Treatment Approaches
Management of hypergastrinemia focuses on treating the specific underlying cause.
PPI and Infection-Related Causes
For PPI-induced hypergastrinemia, the primary approach is to reduce the dosage or discontinue the medication. If the PPI cannot be stopped, doctors may switch the patient to an alternative acid-suppressing medication, such as an H2 receptor blocker. Gradual tapering of the PPI is often recommended to prevent a rebound increase in acid production. For cases related to H. pylori-induced chronic gastritis, a course of antibiotics is administered to eradicate the bacteria. Successful eradication leads to decreased inflammation and normalization of gastrin levels. Kidney-related hypergastrinemia is managed by optimizing treatment for the underlying renal disease.

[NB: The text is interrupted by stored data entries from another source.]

(* Both spaces are parametrised by placed factorizations: a minimal factorization
   g = e_1 ... e_n (n = ell g) into letters of X, the letters carrying positions
   0 <= y_1 <= ... <= y_n <= 1.  On the order-complex side this is the point y of the
   orthoscheme of the maximal chain of suffix products e_(n-i+1) ... e_n; on the other side it
   is the weighted factorization r |-> (product of the letters placed at r).  Closure of X
   under conjugation makes x <= y equivalent to y = z x with ell z + ell x = ell y, so every
   maximal chain of [1,g] is such a chain of suffix products; every cell of WFact refines into
   a cell of placed letters.  Two placed factorizations give the same point on either side iff
   their positions agree and their suffix products agree at every gap y_k < y_(k+1) (with
   y_0 = 0, y_(n+1) = 1).  The resulting bijection carries cells onto cells with the same
   Euclidean coordinates, in both directions, so it preserves the lengths of strings and hence
   the induced length metrics. *)

From Pilot Require Import Defs.
From Coquelicot Require Import Coquelicot.
From Stdlib Require Import Reals Lra List Arith Lia ClassicalEpsilon ClassicalDescription
  Sorting.Sorted FunctionalExtensionality PropExtensionality.
Import ListNotations.
Set Implicit Arguments.
Unset Strict Implicit.
Set Bullet Behavior "Strict Subproofs".

Section GroupLemmas.
Variable G : Group.
Local Notation "x ** y" := (gmul G x y) (at level 40, left associativity).
Local Notation inv := (ginv G).

Lemma ginv_inv (a : G) : inv (inv a) = a.
Proof.
  rewrite <- (gmul1r G (inv (inv a))), <- (gmulVl G a), gmulA, gmulVl, gmul1l; auto.
Qed.

Lemma gmul_cancel_r (a b c : G) : b ** a = c ** a -> b = c.
Proof.
  intro H. rewrite <- (gmul1r G b), <- (gmul1r G c), <- (gmulVr G a), !gmulA, H; auto.
Qed.

Lemma gprod_app (l1 l2 : list G) : gprod (l1 ++ l2) = gprod l1 ** gprod l2.
Proof. induction l1; simpl. - rewrite gmul1l; auto. - rewrite IHl1, gmulA; auto. Qed.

Zollinger-Ellison Syndrome (ZES) Treatment
Treatment for ZES involves two goals: controlling excessive acid and managing the tumor. High doses of PPIs are the standard medical therapy to suppress acid secretion and prevent peptic ulcers, with the dosage often being higher than that used for typical GERD. If the gastrinoma is localized and has not spread, surgical removal offers the potential for a cure. For tumors that are unresectable or have metastasized, somatostatin analogs like octreotide may be used to inhibit gastrin release and slow tumor growth.